## Records for this exercise
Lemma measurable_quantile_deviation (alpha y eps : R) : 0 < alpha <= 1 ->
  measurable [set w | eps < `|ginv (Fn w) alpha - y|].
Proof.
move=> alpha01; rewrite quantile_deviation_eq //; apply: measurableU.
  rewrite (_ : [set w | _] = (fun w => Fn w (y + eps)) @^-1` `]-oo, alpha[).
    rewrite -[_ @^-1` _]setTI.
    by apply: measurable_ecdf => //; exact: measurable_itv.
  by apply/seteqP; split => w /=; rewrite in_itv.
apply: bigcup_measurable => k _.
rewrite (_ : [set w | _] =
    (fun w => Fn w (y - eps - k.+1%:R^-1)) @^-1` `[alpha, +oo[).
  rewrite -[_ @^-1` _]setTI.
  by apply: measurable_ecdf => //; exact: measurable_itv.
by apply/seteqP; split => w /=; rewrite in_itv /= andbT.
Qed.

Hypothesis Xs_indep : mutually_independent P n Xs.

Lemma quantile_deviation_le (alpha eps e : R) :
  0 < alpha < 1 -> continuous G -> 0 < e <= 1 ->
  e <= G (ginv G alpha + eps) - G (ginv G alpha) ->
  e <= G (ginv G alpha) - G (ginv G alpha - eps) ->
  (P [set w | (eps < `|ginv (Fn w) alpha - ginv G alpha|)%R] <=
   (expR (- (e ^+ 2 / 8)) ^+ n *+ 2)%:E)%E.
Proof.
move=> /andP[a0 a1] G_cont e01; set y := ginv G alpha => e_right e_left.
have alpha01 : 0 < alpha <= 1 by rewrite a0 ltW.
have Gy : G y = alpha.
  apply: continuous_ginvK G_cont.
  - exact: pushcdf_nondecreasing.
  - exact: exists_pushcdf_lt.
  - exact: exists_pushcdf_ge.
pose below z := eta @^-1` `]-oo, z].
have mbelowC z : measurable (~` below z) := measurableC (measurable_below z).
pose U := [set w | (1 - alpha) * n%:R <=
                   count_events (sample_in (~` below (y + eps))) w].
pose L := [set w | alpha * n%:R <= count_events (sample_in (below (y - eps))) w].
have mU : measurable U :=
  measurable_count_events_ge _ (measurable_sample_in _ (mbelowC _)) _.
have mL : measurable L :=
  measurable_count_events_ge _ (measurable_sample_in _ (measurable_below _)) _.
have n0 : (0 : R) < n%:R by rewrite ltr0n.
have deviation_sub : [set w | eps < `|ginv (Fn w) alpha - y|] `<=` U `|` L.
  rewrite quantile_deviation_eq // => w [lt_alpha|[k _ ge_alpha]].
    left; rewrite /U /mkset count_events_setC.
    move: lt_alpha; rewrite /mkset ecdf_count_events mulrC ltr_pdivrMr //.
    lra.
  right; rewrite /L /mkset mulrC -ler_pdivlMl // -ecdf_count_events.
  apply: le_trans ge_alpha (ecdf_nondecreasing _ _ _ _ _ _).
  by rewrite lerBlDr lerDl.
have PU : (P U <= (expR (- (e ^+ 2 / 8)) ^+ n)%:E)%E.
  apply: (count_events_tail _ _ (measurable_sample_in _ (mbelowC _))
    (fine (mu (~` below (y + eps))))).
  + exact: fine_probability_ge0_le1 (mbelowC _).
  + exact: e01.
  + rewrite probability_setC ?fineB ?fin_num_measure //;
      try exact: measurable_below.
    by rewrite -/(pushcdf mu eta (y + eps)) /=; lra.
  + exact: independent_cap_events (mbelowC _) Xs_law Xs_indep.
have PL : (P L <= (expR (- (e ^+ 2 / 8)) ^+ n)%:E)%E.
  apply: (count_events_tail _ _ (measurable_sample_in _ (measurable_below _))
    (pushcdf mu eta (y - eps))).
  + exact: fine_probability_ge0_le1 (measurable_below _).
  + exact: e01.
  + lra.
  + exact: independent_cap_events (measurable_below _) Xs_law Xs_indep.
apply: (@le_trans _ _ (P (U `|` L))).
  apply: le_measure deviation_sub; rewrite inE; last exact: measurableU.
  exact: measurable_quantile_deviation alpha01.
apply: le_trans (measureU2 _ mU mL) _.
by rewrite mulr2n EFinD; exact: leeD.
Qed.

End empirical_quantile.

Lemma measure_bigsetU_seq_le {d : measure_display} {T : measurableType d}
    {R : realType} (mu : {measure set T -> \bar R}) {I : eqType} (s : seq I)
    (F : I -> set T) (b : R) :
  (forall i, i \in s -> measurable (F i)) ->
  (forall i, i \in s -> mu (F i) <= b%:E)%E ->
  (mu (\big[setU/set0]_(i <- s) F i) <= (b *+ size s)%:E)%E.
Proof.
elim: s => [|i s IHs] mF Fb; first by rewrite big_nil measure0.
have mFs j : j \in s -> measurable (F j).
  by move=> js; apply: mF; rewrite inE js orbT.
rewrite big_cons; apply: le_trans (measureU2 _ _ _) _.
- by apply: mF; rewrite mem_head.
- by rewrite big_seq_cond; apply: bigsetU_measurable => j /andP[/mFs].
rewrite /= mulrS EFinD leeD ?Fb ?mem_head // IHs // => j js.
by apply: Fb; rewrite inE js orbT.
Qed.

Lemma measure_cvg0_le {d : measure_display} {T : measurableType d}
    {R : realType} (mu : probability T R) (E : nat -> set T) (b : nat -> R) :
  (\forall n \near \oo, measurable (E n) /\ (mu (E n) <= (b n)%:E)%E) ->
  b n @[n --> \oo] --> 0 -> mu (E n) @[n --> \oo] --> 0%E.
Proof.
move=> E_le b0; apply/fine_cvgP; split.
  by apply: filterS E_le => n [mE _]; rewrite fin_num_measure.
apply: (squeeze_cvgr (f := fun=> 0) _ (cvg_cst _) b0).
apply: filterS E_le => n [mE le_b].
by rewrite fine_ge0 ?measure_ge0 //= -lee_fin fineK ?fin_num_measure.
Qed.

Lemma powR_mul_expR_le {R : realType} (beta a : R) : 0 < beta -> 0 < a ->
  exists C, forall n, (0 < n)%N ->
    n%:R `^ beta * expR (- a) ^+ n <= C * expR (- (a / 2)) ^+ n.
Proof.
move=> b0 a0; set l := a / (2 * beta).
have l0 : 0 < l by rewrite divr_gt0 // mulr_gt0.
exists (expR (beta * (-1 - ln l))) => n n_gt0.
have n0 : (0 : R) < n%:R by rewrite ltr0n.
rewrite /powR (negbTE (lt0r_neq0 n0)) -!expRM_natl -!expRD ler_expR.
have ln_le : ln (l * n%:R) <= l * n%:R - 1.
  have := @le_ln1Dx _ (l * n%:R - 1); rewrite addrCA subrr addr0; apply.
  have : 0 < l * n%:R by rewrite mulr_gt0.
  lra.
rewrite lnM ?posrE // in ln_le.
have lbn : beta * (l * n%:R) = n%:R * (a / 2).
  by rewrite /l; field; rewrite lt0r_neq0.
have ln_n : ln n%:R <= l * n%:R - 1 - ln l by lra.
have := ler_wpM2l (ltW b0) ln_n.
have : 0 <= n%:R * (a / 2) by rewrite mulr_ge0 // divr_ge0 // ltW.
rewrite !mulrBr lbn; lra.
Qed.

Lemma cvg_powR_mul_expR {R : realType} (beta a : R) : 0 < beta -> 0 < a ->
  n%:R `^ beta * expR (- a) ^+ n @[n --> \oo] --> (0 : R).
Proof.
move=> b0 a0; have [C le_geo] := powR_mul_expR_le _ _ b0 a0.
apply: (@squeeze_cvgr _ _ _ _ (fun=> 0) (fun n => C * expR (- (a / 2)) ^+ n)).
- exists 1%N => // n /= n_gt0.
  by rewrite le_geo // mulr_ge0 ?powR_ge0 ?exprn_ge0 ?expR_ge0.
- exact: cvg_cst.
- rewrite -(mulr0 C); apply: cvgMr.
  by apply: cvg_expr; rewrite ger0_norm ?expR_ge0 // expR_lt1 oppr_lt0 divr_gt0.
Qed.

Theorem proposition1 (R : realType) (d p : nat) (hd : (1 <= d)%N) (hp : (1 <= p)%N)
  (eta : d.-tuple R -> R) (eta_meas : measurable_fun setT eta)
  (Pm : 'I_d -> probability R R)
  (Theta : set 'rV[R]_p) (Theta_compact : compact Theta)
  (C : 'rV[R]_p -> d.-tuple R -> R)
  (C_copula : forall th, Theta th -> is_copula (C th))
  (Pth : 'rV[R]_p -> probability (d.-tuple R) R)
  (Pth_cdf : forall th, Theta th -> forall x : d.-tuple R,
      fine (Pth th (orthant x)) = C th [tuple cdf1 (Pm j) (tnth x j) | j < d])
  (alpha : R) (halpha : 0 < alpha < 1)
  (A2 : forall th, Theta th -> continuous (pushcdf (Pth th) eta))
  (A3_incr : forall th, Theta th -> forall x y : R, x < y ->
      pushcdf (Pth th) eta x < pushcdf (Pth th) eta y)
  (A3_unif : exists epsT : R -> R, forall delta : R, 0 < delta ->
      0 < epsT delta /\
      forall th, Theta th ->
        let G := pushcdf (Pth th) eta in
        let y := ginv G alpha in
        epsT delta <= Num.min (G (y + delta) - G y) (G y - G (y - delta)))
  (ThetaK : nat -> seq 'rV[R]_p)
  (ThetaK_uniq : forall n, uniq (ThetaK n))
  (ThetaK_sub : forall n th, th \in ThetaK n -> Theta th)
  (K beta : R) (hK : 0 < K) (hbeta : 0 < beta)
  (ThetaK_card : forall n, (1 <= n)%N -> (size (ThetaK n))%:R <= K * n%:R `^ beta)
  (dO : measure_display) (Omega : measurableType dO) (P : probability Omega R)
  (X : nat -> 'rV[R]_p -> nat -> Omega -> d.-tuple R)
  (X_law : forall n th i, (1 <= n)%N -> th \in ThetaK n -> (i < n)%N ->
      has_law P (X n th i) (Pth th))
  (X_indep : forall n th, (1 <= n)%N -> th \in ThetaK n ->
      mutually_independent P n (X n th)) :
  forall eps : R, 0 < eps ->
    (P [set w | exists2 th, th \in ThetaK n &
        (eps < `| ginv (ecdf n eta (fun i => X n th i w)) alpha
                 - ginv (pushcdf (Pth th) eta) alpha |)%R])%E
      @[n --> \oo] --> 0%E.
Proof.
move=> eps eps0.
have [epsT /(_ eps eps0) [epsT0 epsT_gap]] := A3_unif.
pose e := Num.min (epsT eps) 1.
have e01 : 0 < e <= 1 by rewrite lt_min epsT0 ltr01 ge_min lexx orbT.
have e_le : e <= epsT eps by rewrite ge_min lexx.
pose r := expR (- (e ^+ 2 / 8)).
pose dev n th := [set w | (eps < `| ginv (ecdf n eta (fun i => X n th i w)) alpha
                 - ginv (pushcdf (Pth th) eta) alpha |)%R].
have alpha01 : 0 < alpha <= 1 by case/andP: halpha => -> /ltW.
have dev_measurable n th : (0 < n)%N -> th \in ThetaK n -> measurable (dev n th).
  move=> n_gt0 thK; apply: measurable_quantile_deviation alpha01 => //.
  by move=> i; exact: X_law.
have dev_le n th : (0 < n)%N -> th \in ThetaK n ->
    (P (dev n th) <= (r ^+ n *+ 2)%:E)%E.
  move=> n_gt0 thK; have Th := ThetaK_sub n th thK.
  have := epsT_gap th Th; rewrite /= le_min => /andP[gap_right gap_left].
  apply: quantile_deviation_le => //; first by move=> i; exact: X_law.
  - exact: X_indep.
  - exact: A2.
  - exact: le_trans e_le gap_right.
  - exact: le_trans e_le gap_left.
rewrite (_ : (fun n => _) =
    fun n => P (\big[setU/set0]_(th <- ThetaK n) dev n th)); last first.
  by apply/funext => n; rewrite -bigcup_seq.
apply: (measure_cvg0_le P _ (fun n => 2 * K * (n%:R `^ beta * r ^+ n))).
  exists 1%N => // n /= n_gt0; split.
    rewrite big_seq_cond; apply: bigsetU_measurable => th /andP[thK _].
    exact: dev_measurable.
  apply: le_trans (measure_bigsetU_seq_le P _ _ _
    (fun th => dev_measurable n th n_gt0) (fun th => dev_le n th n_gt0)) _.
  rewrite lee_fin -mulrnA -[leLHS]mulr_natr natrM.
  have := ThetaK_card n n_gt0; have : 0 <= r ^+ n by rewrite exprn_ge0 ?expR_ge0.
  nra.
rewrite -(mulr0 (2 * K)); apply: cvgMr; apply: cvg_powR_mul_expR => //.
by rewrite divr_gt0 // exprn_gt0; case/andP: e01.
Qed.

## Instructions for the task
Lines from the one that contains "by apply/funext => n; rewrite -bigcup_seq." through the final line of the entries must be duplicated exactly, and no other lines.

## Answer
  by apply/funext => n; rewrite -bigcup_seq.
apply: (measure_cvg0_le P _ (fun n => 2 * K * (n%:R `^ beta * r ^+ n))).
  exists 1%N => // n /= n_gt0; split.
    rewrite big_seq_cond; apply: bigsetU_measurable => th /andP[thK _].
    exact: dev_measurable.
  apply: le_trans (measure_bigsetU_seq_le P _ _ _
    (fun th => dev_measurable n th n_gt0) (fun th => dev_le n th n_gt0)) _.
  rewrite lee_fin -mulrnA -[leLHS]mulr_natr natrM.
  have := ThetaK_card n n_gt0; have : 0 <= r ^+ n by rewrite exprn_ge0 ?expR_ge0.
  nra.
rewrite -(mulr0 (2 * K)); apply: cvgMr; apply: cvg_powR_mul_expR => //.
by rewrite divr_gt0 // exprn_gt0; case/andP: e01.
Qed.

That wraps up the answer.